[Stored items from a collection]
====================

(* Let $\phi:\mathbb{R}\to\mathbb{R}$ be differentiable, $x\in\mathbb{R}^{k_0}$ with $\|x\|_2=1$, and $a,b\in\mathbb{R}^k$ with $a^T\phi(b)=1$, and let $f(z)=xa^T\phi(bx^Tz)$ (so $f(x)=x$). Then $\lambda_1(\mathbf{J}(f(x)))=a^T(\phi'(b)\odot b)$.
   Context: $\phi,\phi'$ are applied coordinatewise; $\odot$ is the Hadamard (coordinatewise) product. $\mathbf{J}(f(x))$ is the Jacobian of $f$ at $x$ and $\lambda_1$ its top eigenvalue (eigenvalue of largest absolute value). In the paper this setting arises as the trained weights $A^{(\infty)}=xa^T$, $B^{(\infty)}=bx^T$ of a 1-hidden-layer autoencoder $A\phi(Bz)$ trained to zero error on the single example $x$. *)

From HB Require Import structures.
From mathcomp Require Import all_boot all_order all_algebra.
From mathcomp Require Import all_classical all_reals all_analysis.
Set Implicit Arguments. Unset Strict Implicit. Unset Printing Implicit Defensive.
Import Order.TTheory GRing.Theory Num.Theory.
Import numFieldNormedType.Exports.
Local Open Scope ring_scope.

Definition top_eigenvalue (R : realType) (n : nat) (A : 'M[R]_n) (lam : R) :=
  eigenvalue A lam /\ (forall mu : R, eigenvalue A mu -> `|mu| <= `|lam|).

Definition cw (R : realType) (k : nat) (phi : R -> R) (v : 'rV[R]_k) : 'rV[R]_k :=
  map_mx phi v.

From HB Require Import structures.
From mathcomp Require Import all_boot all_order all_algebra.
From mathcomp Require Import all_classical all_reals all_analysis.
Import Order.TTheory GRing.Theory Num.Theory.
Import numFieldNormedType.Exports.
Local Open Scope ring_scope.

(* f is the ridge function z |-> g (z . x) x with profile g t = a . phi (t b),
   so its Jacobian at x is the rank-one matrix g'(1) x^T x.  A rank-one matrix
   u^T w has the eigenvector w for the eigenvalue w . u, and 0 is its only
   other eigenvalue.  Here x . x = 1, so the top eigenvalue is
   g'(1) = a . (phi'(b) * b). *)

Lemma row_mul_outer {F : fieldType} {n m} (u v : 'rV[F]_n) (w : 'rV[F]_m) :
  v *m (u^T *m w) = (v *m u^T) 0 0 *: w.
Proof. by rewrite mulmxA {1}[v *m u^T]mx11_scalar mul_scalar_mx. Qed.

Section RankOneEigenvalues.
Variables (F : fieldType) (n : nat) (u w : 'rV[F]_n).

Lemma eigenvalue_outer : w != 0 -> eigenvalue (u^T *m w) ((w *m u^T) 0 0).
Proof. by move=> w0; apply/eigenvalueP; exists w; rewrite ?row_mul_outer. Qed.

Lemma eigenvalue_outerP mu :
  eigenvalue (u^T *m w) mu -> mu = 0 \/ mu = (w *m u^T) 0 0.
Proof.
case/eigenvalueP => v; rewrite row_mul_outer => vE v0.
have [->|mu0] := eqVneq mu 0; [by left | right].
have vu0 : (v *m u^T) 0 0 != 0.
  apply: contraNneq v0 => vu0; move: vE; rewrite vu0 scale0r => /esym/eqP.
  by rewrite scaler_eq0 (negPf mu0).
apply: (mulIf vu0).
have /(congr1 (fun v => (v *m u^T) 0 0)) := vE.
by rewrite -!scalemxAl !mxE mulrC.
Qed.

End RankOneEigenvalues.

Lemma top_eigenvalue_outer {R : realType} {n} (u w : 'rV[R]_n) :
  w != 0 -> top_eigenvalue (u^T *m w) ((w *m u^T) 0 0).
Proof.
move=> w0; split=> [|mu /eigenvalue_outerP[]->//]; first exact: eigenvalue_outer.
by rewrite normr0.
Qed.

Lemma is_diff_dotmx {R : numFieldType} {n} (u x0 : 'rV[R]_n) :
  is_diff x0 (fun z : 'rV[R]_n => (z *m u^T) 0 0) (fun z => (z *m u^T) 0 0).
Proof.
pose dot (z : 'rV[R]_n) := (z *m u^T) 0 0.
have dot_linear : linear dot.
  by move=> r v z; rewrite /dot mulmxDl -scalemxAl !mxE.
pose dotL : {linear 'rV[R]_n -> R} :=
  HB.pack dot (GRing.isLinear.Build _ _ _ _ _ dot_linear).
have dotE : dot = \sum_(i < n) (fun z : 'rV[R]_n => z 0 i * u 0 i).
  apply/funext => z; rewrite fct_sumE /dot mxE.
  by apply: eq_bigr => i _; rewrite mxE.
have dot_cont : continuous dotL.
  move=> z; apply: differentiable_continuous; rewrite /= dotE.
  apply: differentiable_sum => i.
  by apply: differentiableM; first exact: differentiable_coord.
apply: DiffDef; first exact: (linear_differentiable x0 dot_cont).
exact: (diff_lin x0 dot_cont).
Qed.

Lemma jacobian_ridge {R : numFieldType} {n m} (g : R -> R) (u x0 : 'rV[R]_n)
    (w : 'rV[R]_m) :
  derivable g ((x0 *m u^T) 0 0) 1 ->
  jacobian (fun z => g ((z *m u^T) 0 0) *: w) x0
  = (derive1 g ((x0 *m u^T) 0 0) *: u)^T *m w.
Proof.
move=> dg; have dot_diff := is_diff_dotmx u x0.
have dgdot : differentiable (g \o fun z : 'rV[R]_n => (z *m u^T) 0 0) x0.
  by apply: differentiable_comp => //; exact/derivable1_diffP.
apply/row_matrixP => i; rewrite !rowE /jacobian mul_rV_lin1 (diffZl w dgdot).
rewrite diff_comp //; last exact/derivable1_diffP.
rewrite /= diff_val (deriv1E dg) row_mul_outer linearZ /= -scalemxAr.
by rewrite [in RHS]mxE mulrC.
Qed.

Lemma is_derive_cw_scale {R : realType} {k} {phi : R -> R} (a b : 'rV[R]_k)
    (t : R) :
  (forall s, derivable phi s 1) ->
  is_derive t 1 (fun s => (cw phi (s *: b) *m a^T) 0 0)
    ((map2_mx *%R (cw (derive1 phi) (t *: b)) b *m a^T) 0 0).
Proof.
move=> dphi.
have -> : (fun s => (cw phi (s *: b) *m a^T) 0 0)
    = \sum_(j < k) (fun s => phi (s * b 0 j) * a 0 j).
  apply/funext => s; rewrite fct_sumE mxE.
  by apply: eq_bigr => j _; rewrite !mxE.
rewrite mxE; apply: is_derive_sum => j; rewrite !mxE.
have phi_j : is_derive (t * b 0 j) 1 phi (derive1 phi (t * b 0 j)).
  by rewrite derive1E; exact: derivableP.
have scale_j : is_derive t 1 (fun s : R => s * b 0 j) (b 0 j).
  have := is_deriveM (is_derive_id t 1) (is_derive_cst (b 0 j) t 1).
  by rewrite scaler0 add0r [_ *: 1]mulr1.
have := is_deriveM (is_derive1_comp (g := *%R^~ (b 0 j)) phi_j scale_j)
  (is_derive_cst (a 0 j) t 1).
by rewrite scaler0 add0r [_ *: _]mulrC.
Qed.

Theorem proposition4 (R : realType) (k0 k : nat) (phi : R -> R)
  (x : 'rV[R]_k0) (a b : 'rV[R]_k) :
  (forall t : R, derivable phi t 1) ->
  Num.sqrt (\sum_(i < k0) x 0 i ^+ 2) = 1 ->
  (cw phi b *m a^T) 0 0 = 1 ->
  top_eigenvalue
    (jacobian (fun z : 'rV[R]_k0 => (cw phi ((z *m x^T) *m b) *m a^T) *m x) x)
    ((map2_mx (fun u v => u * v) (cw (derive1 phi) b) b *m a^T) 0 0).
Proof.
(* a . phi(b) = 1 only makes x a fixed point of f; the Jacobian ignores it. *)
move=> dphi nx _.
pose g s := (cw phi (s *: b) *m a^T) 0 0.
have xx1 : (x *m x^T) 0 0 = 1.
  have sq_ge0 : 0 <= \sum_(i < k0) x 0 i ^+ 2.
    by apply: sumr_ge0 => i _; exact: sqr_ge0.
  rewrite mxE -[RHS](expr1n _ 2) -nx sqr_sqrtr //.
  by apply: eq_bigr => i _; rewrite mxE expr2.
have x0 : x != 0.
  by apply: contra_eqN xx1 => /eqP->; rewrite mul0mx mxE eq_sym oner_eq0.
have fE : (fun z => (cw phi ((z *m x^T) *m b) *m a^T) *m x)
    = fun z => g ((z *m x^T) 0 0) *: x.
  apply/funext => z; rewrite {1}[z *m x^T]mx11_scalar mul_scalar_mx.
  by rewrite [cw _ _ *m a^T]mx11_scalar mul_scalar_mx.
have g'1 := is_derive_cw_scale a b 1 dphi; rewrite scale1r in g'1.
rewrite fE jacobian_ridge xx1 ?derive1E ?derive_val //.
set c := (map2_mx _ _ _ *m _) 0 0.
have cE : (x *m (c *: x)^T) 0 0 = c.
  by rewrite linearZ /= -scalemxAr [LHS]mxE xx1 mulr1.
by have := top_eigenvalue_outer (c *: x) _ x0; rewrite cE.
Qed.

====================

Task requirements:
What is asked for is an exact copy of the lines above from the one containing "Set Implicit Arguments." through the one containing "Definition top_eigenvalue (R", and only those.

Answer:
Set Implicit Arguments. Unset Strict Implicit. Unset Printing Implicit Defensive.
Import Order.TTheory GRing.Theory Num.Theory.
Import numFieldNormedType.Exports.
Local Open Scope ring_scope.

Definition top_eigenvalue (R : realType) (n : nat) (A : 'M[R]_n) (lam : R) :=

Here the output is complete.